Fakultät für Physik und Geowissenschaften Physikalisches Grundpraktikum
E 7e “Magnetic Fields in Coils”
Tasks
1. Check the calibration of the teslameter.
2. Measure the field distribution along the coil axis of a solenoid. Plot the measured and calculated field distribution. Determine the magnetic induction at the end of the solenoid and compare to the calculated value.

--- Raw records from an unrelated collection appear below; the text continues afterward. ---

Lemma good_pair_climbs t v x : climbs t x -> v = x \/ climbs v x /\ owns v x ->
  mc v = mc t -> dfs v <= dfs t -> t != v -> good_pair t v.
Proof.
move=> /[dup] tx /andP[/candidateP[xt _ colt _] _] hv vt dvt tnv.
have [xVF tVF] := sanc_VF xt.
have [xv dis colv passv ownx] : [/\ anc x v, [disjoint chain x t & chain x v],
    {in chain x v, forall w, pcol w = mc t}, {in chain x v :\ v, forall w, passes v w}
    & v != x -> owns v x].
  case: hv => [-> | [/[dup] vx /andP[/candidateP[xv' _ colv' _] _] own]].
    by split=> [||w|w|]; rewrite ?anc_refl ?chain_id -?setI_eq0 ?setI0 ?inE ?eqxx ?andbF.
  rewrite -vt; split=> //; first by case/andP: xv'.
    by apply: climbs_disjoint tx vx _ tnv.
  by move=> w; apply: climbs_passes.
have vVF : v \in VF.
  case: (eqVneq v x) => [-> // | vnx]; suff /sanc_VF[] : sanc x v by [].
  by rewrite /sanc xv eq_sym vnx.
split=> //; first by apply: prec_common_anc (andP xt).1 xv tVF vVF dvt tnv.
  by move=> p tvp; apply: lca_path_colour tvp (andP xt).1 xv dis _ => w /setUP[/colt | /colv].
move=> p z tvp /[dup] /andP[_ znv] zp.
case: (lca_path_internal tvp (andP xt).1 xv dis zp).
- by move=> zx; exists v; rewrite ?set22 // zx; apply: ownx; rewrite -zx eq_sym.
- by move=> /(climbs_passes tx)/passes_owns; exists t; rewrite ?set21.
by move=> /passv/passes_owns; exists v; rewrite ?set22.
Qed.

Lemma partner_good t : t \in paired -> good_pair t (partner t).
Proof.
case/setDP=> tS; rewrite inE => nblocked; have [tx _] := summit_spec tS.
have [/candidateP[xt _ _ _] _] := andP tx; have [_ tVF] := sanc_VF xt.
rewrite /partner; case: ifP => [/eqP xk | /negbT xk].
  apply: good_pair_climbs tx (or_introl erefl) xk (dfs_anc (andP xt).1 tVF) _.
  by rewrite eq_sym; case/andP: xt.
case: arg_minnP => [|m xkm min]; first by case/andP: tx.
have mleast : least (summit t) (mc t) m by apply/leastP.
have /candidateP[_ mk _ _] := xkm.
have tnm : t != m.
  by apply: contraNneq nblocked => em; rewrite -em in mleast; rewrite /blocked xk mleast.
have own : owns m (summit t) by rewrite /owns mk; split=> //; apply: candidate_seen xkm.
apply: good_pair_climbs tx _ mk (min t (andP tx).1) tnm.
by right; split=> //; apply: least_climbs mleast.
Qed.

End Pairing.

Theorem lemma3 (T : finType) (adj : rel T) (M : {set {set T}})
  (c : {set T} -> nat) (VF : {set T}) (par : T -> option T) (dfs : T -> nat) :
  simple_graph adj ->
  perfect_matching adj M ->
  optimal_2_colouring adj c ->
  rooted_forest adj M VF par ->
  dfs_indexing VF par dfs ->
  (forall x, x \in (forest_roots VF par :|: forest_leaves VF par) ->
     forall y, fadj par x y -> c [set x; y] = mcl M c x) ->
  exists u v : 'I_#|forest_leaves VF par| -> T,
    (injective u) /\
    [/\ forall i, prec VF par dfs (u i) (v i),
        forall i, mcl M c (u i) = mcl M c (v i),
        forall i p, forest_path par (u i) (v i) p -> monochromatic_path c (mcl M c (u i)) (u i) p,
        forall i p z, forest_path par (u i) (v i) p -> internal (v i) p z ->
          mcl M c z != mcl M c (u i) &
        forall i j, i != j -> [set u i; v i] \in M -> [set u j; v j] \in M ->
          forall p q, forest_path par (u i) (v i) p -> forest_path par (u j) (v j) q ->
          forall z, internal (v i) p z -> ~~ internal (v j) q z].
Proof.
move=> _ matchingM [colouring _] forestF dfsF ends_mcl.
have le := card_leaves_paired matchingM colouring forestF dfsF ends_mcl.
pose u i := enum_val (widen_ord le i).
have good i := partner_good forestF dfsF (enum_valP (widen_ord le i)).
exists u, (fun i => partner M c par dfs (u i)); split.
  by move=> i j /enum_val_inj [] /val_inj.
split=> [i | i | i | i p z | i j ij Mi Mj p q ip jq z zi].
1-3: by case: (good i).
- move=> tp zi; have [_ vk _ own] := good i; have [s] := own p z tp zi.
  by rewrite !inE => /orP[] /eqP -> []; rewrite ?vk.
have [pi _ _ owni] := good i; have [pj _ _ ownj] := good j.
have uij : u i != u j by apply: contra ij => /eqP/enum_val_inj [] /val_inj ->.
have dis := matched_pairs_disjoint matchingM dfsF pi pj Mi Mj uij.
apply/negP=> zj; have [s si own_si] := owni p z ip zi; have [s' sj own_sj] := ownj q z jq zj.
have ss' := owns_inj matchingM colouring forestF dfsF own_si own_sj.
by rewrite -ss' (disjointFr dis si) in sj.
Qed.
(* Let $\mathbb{R}$ be a strict Reedy category and let $G$ be a crossed $\mathbb{R}$-group compatible with the Reedy structure of $\mathbb{R}$. Then there is a unique dualizable generalized Reedy structure on the total category $\mathbb{R}G$ for which the embedding $\mathbb{R}\hookrightarrow\mathbb{R}G$ is a morphism of generalized Reedy categories.
   Context: A strict Reedy category is a small category $\mathbb{R}$ with wide subcategories $\mathbb{R}^+,\mathbb{R}^-$ and degree $d:\mathrm{Ob}(\mathbb{R})\to\mathbb{N}$ such that non-identity morphisms of $\mathbb{R}^+$ (resp. $\mathbb{R}^-$) strictly raise (resp. lower) degree and every morphism factors uniquely as a morphism of $\mathbb{R}^-$ followed by one of $\mathbb{R}^+$. A generalized Reedy structure on a small category $\mathbb{C}$: wide subcategories $\mathbb{C}^+,\mathbb{C}^-$ and degree $d$ such that (i) non-invertible morphisms of $\mathbb{C}^+$ (resp. $\mathbb{C}^-$) strictly raise (resp. lower) degree, and isomorphisms preserve degree; (ii) $\mathbb{C}^+\cap\mathbb{C}^-=\mathrm{Iso}(\mathbb{C})$; (iii) every morphism $f$ factors as $f=gh$ with $g\in\mathbb{C}^+$, $h\in\mathbb{C}^-$, uniquely up to isomorphism; (iv) if $\theta f=f$ with $\theta$ an isomorphism and $f\in\mathbb{C}^-$ then $\theta$ is an identity. It is dualizable if moreover (iv)$'$: if $f\theta=f$ with $\theta$ an isomorphism and $f\in\mathbb{C}^+$ then $\theta$ is an identity. A morphism of generalized Reedy categories is a functor preserving $(-)^+$, $(-)^-$ and degree. A crossed $\mathbb{R}$-group $G$ is a set-valued presheaf on $\mathbb{R}$ (action of $\alpha:s\to r$ written $\alpha^*:G_r\to G_s$) with a group structure on each $G_r$ (neutral $e_r$) and left actions $g_*$ of $G_r$ on each $\mathrm{Hom}_{\mathbb{R}}(s,r)$, satisfying for $g,h\in G_r$, $\alpha:s\to r$, $\beta:t\to s$: $g_*(\alpha\beta)=g_*(\alpha)\circ\alpha^*(g)_*(\beta)$, $g_*(1_r)=1_r$, $\alpha^*(gh)=h_*(\alpha)^*(g)\cdot\alpha^*(h)$, $\alpha^*(e_r)=e_s$. The total category $\mathbb{R}G$ has the objects of $\mathbb{R}$, morphisms $r\to s$ pairs $(\alpha,g)$ with $\alpha:r\to s$ in $\mathbb{R}$, $g\in G_r$, composition $(\alpha,g)\circ(\beta,h)=(\alpha\cdot g_*(\beta),\beta^*(g)\cdot h)$; $\mathbb{R}\hookrightarrow\mathbb{R}G$ by $\alpha\mapsto(\alpha,e)$. $G$ is compatible with the Reedy structure if (i) for $\alpha:r\to s$ in $\mathbb{R}^{\pm}$ and $g\in G_s$, $g_*(\alpha)\in\mathbb{R}^{\pm}$; (ii) if $\alpha:r\to s$ is in $\mathbb{R}^-$ and $g\in G_s$ satisfies $\alpha^*(g)=e_r$ and $g_*(\alpha)=\alpha$, then $g=e_s$. *)

Set Implicit Arguments.
Unset Strict Implicit.

Record CatData := {
  Ob : Type;
  Hom : Ob -> Ob -> Type;
  cid : forall a, Hom a a;
  ccomp : forall a b c, Hom b c -> Hom a b -> Hom a c }.
Arguments Hom : clear implicits.
Arguments cid {c0} a.
Arguments ccomp {c0 a b c} _ _.

Definition IsCategory (C : CatData) : Prop :=
  (forall a b (f : Hom C a b), ccomp (cid b) f = f) /\
  (forall a b (f : Hom C a b), ccomp f (cid a) = f) /\
  (forall a b c d (f : Hom C c d) (g : Hom C b c) (h : Hom C a b),
      ccomp f (ccomp g h) = ccomp (ccomp f g) h).

Definition is_identity {C : CatData} {a b : Ob C} (f : Hom C a b) : Prop :=
  exists e : a = b,
    match e in _ = b' return Hom C a b' with eq_refl => cid a end = f.

Definition is_iso {C : CatData} {a b : Ob C} (f : Hom C a b) : Prop :=
  exists g : Hom C b a, ccomp g f = cid a /\ ccomp f g = cid b.

Definition MorPred (C : CatData) := forall a b : Ob C, Hom C a b -> Prop.

Definition wide_subcat {C : CatData} (P : MorPred C) : Prop :=
  (forall a, P a a (cid a)) /\
  (forall a b c (g : Hom C b c) (f : Hom C a b),
      P b c g -> P a b f -> P a c (ccomp g f)).

Record ReedyData (C : CatData) := {
  rplus : MorPred C;
  rminus : MorPred C;
  rdeg : Ob C -> nat }.
Arguments rplus {C} _ {a b} _.
Arguments rminus {C} _ {a b} _.
Arguments rdeg {C} _ _.

Definition IsStrictReedy (C : CatData) (D : ReedyData C) : Prop :=
  wide_subcat (fun a b f => rplus D f) /\
  wide_subcat (fun a b f => rminus D f) /\
  (forall a b (f : Hom C a b),
      rplus D f -> ~ is_identity f -> rdeg D a < rdeg D b) /\
  (forall a b (f : Hom C a b),
      rminus D f -> ~ is_identity f -> rdeg D b < rdeg D a) /\
  (forall a c (f : Hom C a c),
      exists! p : {b : Ob C & (Hom C a b * Hom C b c)%type},
        rminus D (fst (projT2 p)) /\ rplus D (snd (projT2 p)) /\
        ccomp (snd (projT2 p)) (fst (projT2 p)) = f).

Definition IsGenReedy (C : CatData) (D : ReedyData C) : Prop :=
  wide_subcat (fun a b f => rplus D f) /\
  wide_subcat (fun a b f => rminus D f) /\
  (forall a b (f : Hom C a b),
      rplus D f -> ~ is_iso f -> rdeg D a < rdeg D b) /\
  (forall a b (f : Hom C a b),
      rminus D f -> ~ is_iso f -> rdeg D b < rdeg D a) /\
  (forall a b (f : Hom C a b), is_iso f -> rdeg D a = rdeg D b) /\
  (forall a b (f : Hom C a b), (rplus D f /\ rminus D f) <-> is_iso f) /\
  (forall a c (f : Hom C a c),
      exists b (h : Hom C a b) (g : Hom C b c),
        rplus D g /\ rminus D h /\ ccomp g h = f) /\
  (forall a b b' c (h : Hom C a b) (g : Hom C b c)
          (h' : Hom C a b') (g' : Hom C b' c),
      rplus D g -> rminus D h -> rplus D g' -> rminus D h' ->
      ccomp g h = ccomp g' h' ->
      exists theta : Hom C b b',
        is_iso theta /\ ccomp theta h = h' /\ ccomp g' theta = g) /\
  (forall a b (theta : Hom C b b) (f : Hom C a b),
      is_iso theta -> rminus D f -> ccomp theta f = f -> theta = cid b).

Definition IsDualizableGenReedy (C : CatData) (D : ReedyData C) : Prop :=
  IsGenReedy D /\
  (forall a b (theta : Hom C a a) (f : Hom C a b),
      is_iso theta -> rplus D f -> ccomp f theta = f -> theta = cid a).

Record FunctorData (C C' : CatData) := {
  fob : Ob C -> Ob C';
  fmor : forall a b, Hom C a b -> Hom C' (fob a) (fob b) }.
Arguments fob {C C'} _ _.
Arguments fmor {C C'} _ {a b} _.

Definition IsFunctor (C C' : CatData) (F : FunctorData C C') : Prop :=
  (forall a, fmor F (cid a) = cid (fob F a)) /\
  (forall a b c (g : Hom C b c) (f : Hom C a b),
      fmor F (ccomp g f) = ccomp (fmor F g) (fmor F f)).

Definition IsReedyMorphism (C C' : CatData) (D : ReedyData C) (D' : ReedyData C')
    (F : FunctorData C C') : Prop :=
  IsFunctor F /\
  (forall a b (f : Hom C a b), rplus D f -> rplus D' (fmor F f)) /\
  (forall a b (f : Hom C a b), rminus D f -> rminus D' (fmor F f)) /\
  (forall a, rdeg D' (fob F a) = rdeg D a).

Definition SameReedy (C : CatData) (D D' : ReedyData C) : Prop :=
  (forall a b (f : Hom C a b), rplus D f <-> rplus D' f) /\
  (forall a b (f : Hom C a b), rminus D f <-> rminus D' f) /\
  (forall a, rdeg D a = rdeg D' a).

Record CrossedData (R : CatData) := {
  grp : Ob R -> Type;
  gmul : forall r, grp r -> grp r -> grp r;
  gunit : forall r, grp r;
  ginv : forall r, grp r -> grp r;
  (* gres alpha g = alpha^*(g), for alpha : s -> r *)
  gres : forall s r, Hom R s r -> grp r -> grp s;
  (* gact g alpha = g_*(alpha), for g in G_r, alpha : s -> r *)
  gact : forall r s, grp r -> Hom R s r -> Hom R s r }.
Arguments grp {R} _ _.
Arguments gmul {R} _ {r} _ _.
Arguments gunit {R} _ r.
Arguments ginv {R} _ {r} _.
Arguments gres {R} _ {s r} _ _.
Arguments gact {R} _ {r s} _ _.
(* Let $n\ge 2$, let $c_k$ be a chain over $[n]$ with $1\le k\le n-1$, and let $p,q$ be distinct propositional letters. Then none of the following is derivable in $\mathbf{CPN}_n$: (i) $\neg_{c_k}p\to_{(n)}(p\to_{(n)}q)$; (ii) $(\neg_{c_k}p\to_{(n)}\neg_{c_k}q)\to_{(n)}(q\to_{(n)}p)$; (iii) $(p\to_{(n)}q)\to_{(n)}(\neg_{c_k}q\to_{(n)}\neg_{c_k}p)$; (iv) $(p\vee_{(n)}q)\wedge_{(n)}\neg_{c_k}p\to_{(n)}q$; (v) $(p\to_{(n)}q)\wedge_{(n)}\neg_{c_k}q\to_{(n)}\neg_{c_k}p$; (vi) $\neg_{c_k}p\to_{(n)}\neg_{c_k}(p\wedge_{(n)}q)$; (vii) $\neg_{c_k}p\vee_{(n)}\neg_{c_k}q\to_{(n)}\neg_{c_k}(p\wedge_{(n)}q)$; (viii) $\neg_{c_k}(p\vee_{(n)}q)\to_{(n)}\neg_{c_k}p\wedge_{(n)}\neg_{c_k}q$.
   Context: Fix $n\in\mathbb{N}$, $n\ge 1$, and write $[n]=\{1,\dots,n\}$. Chains: a chain over $[n]$ is a finite sequence of distinct elements of $[n]$; chains with the same length and the same symbols are identified, so a chain is effectively a subset of $[n]$. $c_k$ denotes a chain with $k$ symbols, $\epsilon$ the empty chain, and $(n)$ the chain consisting of all symbols of $[n]$. For chains $c,d$: the concatenation $c\cdot d$ is the chain of symbols occurring in $c$ or in $d$; the coconcatenation $c\otimes d$ is the chain of symbols occurring in exactly one of $c,d$; $d$ is a subchain of $c$ if every symbol of $d$ is a symbol of $c$. The complementary chain $c'_{n-k}$ of $c_k$ is the chain of the symbols of $[n]$ not occurring in $c_k$. Language of $\mathbf{CPN}_n$: a countable set $P_n$ of propositional letters; constants $\perp_c$ for each chain $c$ over $[n]$ with $1\le |c|\le n-1$, and constants $\perp_{(n)}$ (contradiction) and $\top_{(n)}$ (truth); a unary connective $\neg_c$ for each nonempty chain $c$ over $[n]$ ($\neg_{(n)}$ is the strong negation; the $\neg_c$ with $|c|\le n-1$ are weak negations); a binary connective $\to_{(n)}$. Formulas: propositional letters and constants are formulas; if $\varphi,\psi$ are formulas then so are $\neg_c\varphi$ and $(\varphi\to_{(n)}\psi)$. Conventions: $\neg_\epsilon\varphi:=\varphi$, $\perp_\epsilon:=\top_{(n)}$, and $\perp_c$ for $c=(n)$ means $\perp_{(n)}$. Abbreviations: $\varphi\wedge_{(n)}\psi:=\neg_{(n)}(\varphi\to_{(n)}\neg_{(n)}\psi)$, $\varphi\vee_{(n)}\psi:=\neg_{(n)}\varphi\to_{(n)}\psi$, $\varphi\leftrightarrow_{(n)}\psi:=(\varphi\to_{(n)}\psi)\wedge_{(n)}(\psi\to_{(n)}\varphi)$. Axioms of $\mathbf{CPN}_n$, for all formulas $\varphi,\psi,\chi$ and all nonempty chains $c_k,c_r$ over $[n]$: (A1) $\varphi\to_{(n)}(\psi\to_{(n)}\varphi)$; (A2) $(\varphi\to_{(n)}(\psi\to_{(n)}\chi))\to_{(n)}((\varphi\to_{(n)}\psi)\to_{(n)}(\varphi\to_{(n)}\chi))$; (A3) $(\neg_{(n)}\psi\to_{(n)}\neg_{(n)}\varphi)\to_{(n)}((\neg_{(n)}\psi\to_{(n)}\varphi)\to_{(n)}\psi)$; (A4) $\varphi\to_{(n)}(\perp_{c_k}\to_{(n)}\neg_{c_k}\varphi)$; (A5) $\neg_{c_k}\neg_{c_r}\varphi\leftrightarrow_{(n)}\neg_{c_k\otimes c_r}\varphi$; (A6) $\neg_{c_k}\perp_{c_r}\leftrightarrow_{(n)}\perp_{c_k\otimes c_r}$; (A7) $\perp_{c_k}\to_{(n)}\perp_{c_r}$, whenever $c_r$ is a subchain of $c_k$. The only rule of inference is modus ponens (from $\varphi$ and $\varphi\to_{(n)}\psi$ infer $\psi$). For a set $\Sigma$ of formulas, $\Sigma\vdash_{(n)}\varphi$ means there is a finite sequence of formulas ending with $\varphi$, each of which is an axiom, a member of $\Sigma$, or obtained from two earlier members by modus ponens; $\vdash_{(n)}\varphi$ means $\emptyset\vdash_{(n)}\varphi$. *)

(* Chains over [n] are encoded as subsets of 'I_n
   (chains with the same symbols are identified in the paper). *)
From mathcomp Require Import all_boot.
Set Implicit Arguments. Unset Strict Implicit. Unset Printing Implicit Defensive.

Definition nechain (n : nat) := {c : {set 'I_n} | c != set0}.

Definition cocat (n : nat) (c d : {set 'I_n}) : {set 'I_n} :=
  (c :\: d) :|: (d :\: c).

(* Constants: one constant Bot c for every chain c over [n]; following the
   paper's conventions, Bot set0 is top_(n) (= bot_epsilon) and Bot setT is
   bot_(n); the remaining ones are the bot_c with 1 <= |c| <= n-1.
   Negations: one unary connective Neg c for every nonempty chain c. *)
Inductive form (n : nat) : Type :=
| Var : nat -> form n
| Bot : {set 'I_n} -> form n
| Neg : nechain n -> form n -> form n
| Imp : form n -> form n -> form n.

Arguments Var {n} _.
Arguments Bot {n} _.
Arguments Neg {n} _ _.
Arguments Imp {n} _ _.

(* neg_c phi for an arbitrary chain c, with the convention neg_eps phi := phi *)
Definition neg (n : nat) (c : {set 'I_n}) (phi : form n) : form n :=
  match insub c with
  | Some c' => Neg c' phi
  | None => phi
  end.

Definition top (n : nat) : form n := Bot set0.
Definition snot (n : nat) (phi : form n) : form n := neg setT phi.
Definition fand (n : nat) (phi psi : form n) : form n :=
  snot (Imp phi (snot psi)).
Definition for_ (n : nat) (phi psi : form n) : form n :=
  Imp (snot phi) psi.
Definition fiff (n : nat) (phi psi : form n) : form n :=
  fand (Imp phi psi) (Imp psi phi).

Inductive axiom (n : nat) : form n -> Prop :=
| A1 phi psi : axiom (Imp phi (Imp psi phi))
| A2 phi psi chi :
    axiom (Imp (Imp phi (Imp psi chi))
               (Imp (Imp phi psi) (Imp phi chi)))
| A3 phi psi :
    axiom (Imp (Imp (snot psi) (snot phi))
               (Imp (Imp (snot psi) phi) psi))
| A4 (ck : {set 'I_n}) phi : ck != set0 ->
    axiom (Imp phi (Imp (Bot ck) (neg ck phi)))
| A5 (ck cr : {set 'I_n}) phi : ck != set0 -> cr != set0 ->
    axiom (fiff (neg ck (neg cr phi)) (neg (cocat ck cr) phi))
| A6 (ck cr : {set 'I_n}) : ck != set0 -> cr != set0 ->
    axiom (fiff (neg ck (Bot cr)) (Bot (cocat ck cr)))
| A7 (ck cr : {set 'I_n}) : ck != set0 -> cr != set0 -> cr \subset ck ->
    axiom (Imp (Bot ck) (Bot cr)).

Inductive derivable (n : nat) (Sigma : form n -> Prop) : form n -> Prop :=
| D_ax phi : axiom phi -> derivable Sigma phi
| D_hyp phi : Sigma phi -> derivable Sigma phi
| D_mp phi psi : derivable Sigma phi -> derivable Sigma (Imp phi psi) ->
    derivable Sigma psi.

Definition theorem (n : nat) (phi : form n) : Prop :=
  derivable (fun _ => False) phi.

From mathcomp Require Import all_boot zify.

Set Implicit Arguments.
Unset Strict Implicit.

(* Every symbol [i] of [n] gives a two-valued semantics sound for CPN_n:
   [bot_c] holds iff [i] is not in [c], and [neg_c] flips the truth value
   iff [i] is in [c], so the coconcatenation in A5 and A6 becomes xor.
   A symbol outside the chain [c_k] exists since [|c_k| < n]; at such a
   symbol [neg_{c_k}] is the identity, so each of the eight formulas
   evaluates like its classical reading with [neg_{c_k}] erased, which a
   choice of truth values for [p] and [q] refutes. *)

Section SymbolSemantics.
Variables (n : nat) (i : 'I_n) (v : nat -> bool).

Fixpoint eval (f : form n) : bool :=
  match f with
  | Var k => v k
  | Bot c => i \notin c
  | Neg c phi => (i \in val c) (+) eval phi
  | Imp phi psi => eval phi ==> eval psi
  end.

Lemma eval_neg c phi : eval (neg c phi) = (i \in c) (+) eval phi.
Proof.
rewrite /neg; case: insubP => [c' _ <- //|].
by rewrite negbK => /eqP ->; rewrite inE.
Qed.

Lemma eval_snot phi : eval (snot phi) = ~~ eval phi.
Proof. by rewrite /snot eval_neg inE. Qed.

Lemma eval_fand phi psi : eval (fand phi psi) = eval phi && eval psi.
Proof.
by rewrite /fand eval_snot /= eval_snot; case: (eval phi); case: (eval psi).
Qed.

Lemma eval_for phi psi : eval (for_ phi psi) = eval phi || eval psi.
Proof. by rewrite /for_ /= eval_snot; case: (eval phi). Qed.

Lemma mem_cocat c d : (i \in cocat c d) = (i \in c) (+) (i \in d).
Proof. by rewrite /cocat !inE; case: (i \in c); case: (i \in d). Qed.

Lemma eval_axiom f : axiom f -> eval f.
Proof.
case=> [phi psi | phi psi chi | phi psi | c phi _ | c d phi _ _ | c d _ _ |
        c d _ _ /subsetP cd] /=.
- by case: (eval phi); case: (eval psi).
- by case: (eval phi); case: (eval psi); case: (eval chi).
- by rewrite !eval_snot; case: (eval phi); case: (eval psi).
- by rewrite eval_neg; case: (eval phi); case: (i \in c).
- rewrite /fiff eval_fand /= !eval_neg mem_cocat.
  by case: (eval phi); case: (i \in c); case: (i \in d).
- rewrite /fiff eval_fand /= !eval_neg /= mem_cocat.
  by case: (i \in c); case: (i \in d).
- by apply/implyP; apply: contra; apply: cd.
Qed.

Lemma eval_theorem f : theorem f -> eval f.
Proof.
elim=> [phi /eval_axiom // | // | phi psi _ Hphi _ /= /implyP]; exact.
Qed.

Lemma eval_neg_notin (c : {set 'I_n}) phi :
  i \notin c -> eval (neg c phi) = eval phi.
Proof. by rewrite eval_neg => /negbTE ->. Qed.

End SymbolSemantics.

Lemma exists_notin_small_chain (n : nat) (c : {set 'I_n}) :
  #|c| < n -> exists i, i \notin c.
Proof.
move=> small; have /properP [_ [i _ ci]] : c \proper [set: 'I_n].
  by rewrite properEcard subsetT cardsT card_ord.
by exists i.
Qed.

Theorem mainTheorem12 (n : nat) (c : {set 'I_n}) (p q : nat) :
  2 <= n -> 1 <= #|c| <= n - 1 -> p != q ->
  let P := @Var n p in
  let Q := @Var n q in
  (~ theorem (Imp (neg c P) (Imp P Q))
  /\ ~ theorem (Imp (Imp (neg c P) (neg c Q)) (Imp Q P))
  /\ ~ theorem (Imp (Imp P Q) (Imp (neg c Q) (neg c P)))
  /\ ~ theorem (Imp (fand (for_ P Q) (neg c P)) Q)
  /\ ~ theorem (Imp (fand (Imp P Q) (neg c Q)) (neg c P))
  /\ ~ theorem (Imp (neg c P) (neg c (fand P Q)))
  /\ ~ theorem (Imp (for_ (neg c P) (neg c Q)) (neg c (fand P Q)))
  /\ ~ theorem (Imp (neg c (for_ P Q)) (fand (neg c P) (neg c Q)))).
Proof.
move=> _ /andP [c_gt0 c_small] pq P Q.
have [i ci] : exists i, i \notin c.
  by apply: exists_notin_small_chain; lia.
pose val_pq (bp bq : bool) (k : nat) := if k == p then bp else bq.
have refute bp bq f : ~~ eval i (val_pq bp bq) f -> ~ theorem f.
  by move=> /negP nf /eval_theorem.
have qp : (q == p) = false by rewrite eq_sym (negbTE pq).
split; [apply: (refute true false) | split; [apply: (refute false true) |
  split; [apply: (refute false true) | split; [apply: (refute true false) |
  split; [apply: (refute false true) | split; [apply: (refute true false) |
  split; [apply: (refute true false) | apply: (refute true false)]]]]]]];
  by rewrite /= ?(eval_fand, eval_for, eval_snot, eval_neg_notin) //=
       /val_pq ?eqxx ?qp.
Qed.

3. Measure the axial field distribution of a circular coil. Determine graphically and arithmetically the distance from the coil center, at which the maximum value of the magnetic flux density is decreased to one half.
4. Measure the axial field distributions of a pair of circular coils for three different distances between the coils. Plot experimental and calculated field distributions in one diagram. Discuss discrepancies.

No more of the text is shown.